Stored items
_____

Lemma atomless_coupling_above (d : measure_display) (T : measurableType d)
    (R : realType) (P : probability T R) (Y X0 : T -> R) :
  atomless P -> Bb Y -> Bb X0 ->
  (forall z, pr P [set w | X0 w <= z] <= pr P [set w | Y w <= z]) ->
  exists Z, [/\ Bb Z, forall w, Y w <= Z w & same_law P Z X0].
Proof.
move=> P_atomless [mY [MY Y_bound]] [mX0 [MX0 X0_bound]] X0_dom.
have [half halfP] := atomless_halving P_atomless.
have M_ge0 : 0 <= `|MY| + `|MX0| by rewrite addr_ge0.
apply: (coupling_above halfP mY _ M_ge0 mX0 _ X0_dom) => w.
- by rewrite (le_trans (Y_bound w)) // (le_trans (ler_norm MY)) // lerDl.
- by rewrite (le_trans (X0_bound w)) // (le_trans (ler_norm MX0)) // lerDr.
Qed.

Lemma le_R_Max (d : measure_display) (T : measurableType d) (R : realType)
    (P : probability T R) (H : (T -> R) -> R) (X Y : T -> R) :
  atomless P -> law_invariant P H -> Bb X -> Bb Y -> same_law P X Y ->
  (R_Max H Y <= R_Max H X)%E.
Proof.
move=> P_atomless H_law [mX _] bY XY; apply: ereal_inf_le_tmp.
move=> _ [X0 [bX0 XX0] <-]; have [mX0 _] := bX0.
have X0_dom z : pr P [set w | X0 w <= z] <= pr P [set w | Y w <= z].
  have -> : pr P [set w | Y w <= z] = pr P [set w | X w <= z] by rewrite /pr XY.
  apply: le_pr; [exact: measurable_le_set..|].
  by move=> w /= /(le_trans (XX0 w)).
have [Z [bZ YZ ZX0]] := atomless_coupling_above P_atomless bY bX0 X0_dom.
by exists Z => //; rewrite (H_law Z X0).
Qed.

_____

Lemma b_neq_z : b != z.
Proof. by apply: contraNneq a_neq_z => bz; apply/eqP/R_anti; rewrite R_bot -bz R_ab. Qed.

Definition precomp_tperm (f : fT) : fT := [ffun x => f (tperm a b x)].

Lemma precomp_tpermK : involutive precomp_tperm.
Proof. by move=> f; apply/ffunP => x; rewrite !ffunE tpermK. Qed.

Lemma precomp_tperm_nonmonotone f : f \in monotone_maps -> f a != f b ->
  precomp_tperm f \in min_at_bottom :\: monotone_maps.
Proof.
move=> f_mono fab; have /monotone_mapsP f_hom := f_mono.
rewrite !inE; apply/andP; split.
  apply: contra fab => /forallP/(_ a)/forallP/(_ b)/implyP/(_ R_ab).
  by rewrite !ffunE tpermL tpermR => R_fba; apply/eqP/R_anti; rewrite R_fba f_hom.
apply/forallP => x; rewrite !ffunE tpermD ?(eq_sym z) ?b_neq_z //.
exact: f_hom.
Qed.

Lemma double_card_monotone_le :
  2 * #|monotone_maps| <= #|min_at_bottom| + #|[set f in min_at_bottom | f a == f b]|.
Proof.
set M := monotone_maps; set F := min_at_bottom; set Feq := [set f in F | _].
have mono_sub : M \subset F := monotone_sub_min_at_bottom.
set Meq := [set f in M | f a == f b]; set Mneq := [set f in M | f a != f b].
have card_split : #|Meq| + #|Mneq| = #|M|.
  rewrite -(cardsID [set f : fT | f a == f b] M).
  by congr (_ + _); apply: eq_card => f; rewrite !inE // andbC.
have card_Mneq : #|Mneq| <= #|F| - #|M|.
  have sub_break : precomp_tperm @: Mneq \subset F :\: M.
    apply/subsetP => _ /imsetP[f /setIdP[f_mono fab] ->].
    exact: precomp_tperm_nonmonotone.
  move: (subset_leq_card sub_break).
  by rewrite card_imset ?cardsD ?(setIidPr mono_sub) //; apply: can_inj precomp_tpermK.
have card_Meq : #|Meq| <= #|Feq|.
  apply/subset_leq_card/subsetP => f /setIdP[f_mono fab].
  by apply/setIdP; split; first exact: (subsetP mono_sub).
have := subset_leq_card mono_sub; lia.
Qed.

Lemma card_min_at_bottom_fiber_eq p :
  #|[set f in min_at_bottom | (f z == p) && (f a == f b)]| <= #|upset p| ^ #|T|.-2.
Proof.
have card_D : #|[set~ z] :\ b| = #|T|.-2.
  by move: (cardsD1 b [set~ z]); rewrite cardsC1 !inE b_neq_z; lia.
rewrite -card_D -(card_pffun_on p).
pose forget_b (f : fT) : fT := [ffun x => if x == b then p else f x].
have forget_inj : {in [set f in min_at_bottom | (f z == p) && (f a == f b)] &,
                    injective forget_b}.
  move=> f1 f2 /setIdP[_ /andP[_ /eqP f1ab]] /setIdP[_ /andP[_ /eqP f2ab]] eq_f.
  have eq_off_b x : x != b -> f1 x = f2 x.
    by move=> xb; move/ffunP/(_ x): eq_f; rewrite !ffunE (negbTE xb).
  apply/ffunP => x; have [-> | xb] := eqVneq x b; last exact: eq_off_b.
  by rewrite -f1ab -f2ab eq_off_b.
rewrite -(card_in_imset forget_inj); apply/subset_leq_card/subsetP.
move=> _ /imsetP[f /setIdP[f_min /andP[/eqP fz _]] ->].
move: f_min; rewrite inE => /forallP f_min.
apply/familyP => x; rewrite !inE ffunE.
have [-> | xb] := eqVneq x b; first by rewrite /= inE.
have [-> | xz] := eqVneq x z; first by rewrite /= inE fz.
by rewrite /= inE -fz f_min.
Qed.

_____

Instructions for the task
Reproduce exactly the section above that begins at the line containing "Lemma atomless_coupling_above (d" and ends at the line containing "have M_ge0 : 0", leaving out all other lines.

Task result
Lemma atomless_coupling_above (d : measure_display) (T : measurableType d)
    (R : realType) (P : probability T R) (Y X0 : T -> R) :
  atomless P -> Bb Y -> Bb X0 ->
  (forall z, pr P [set w | X0 w <= z] <= pr P [set w | Y w <= z]) ->
  exists Z, [/\ Bb Z, forall w, Y w <= Z w & same_law P Z X0].
Proof.
move=> P_atomless [mY [MY Y_bound]] [mX0 [MX0 X0_bound]] X0_dom.
have [half halfP] := atomless_halving P_atomless.
have M_ge0 : 0 <= `|MY| + `|MX0| by rewrite addr_ge0.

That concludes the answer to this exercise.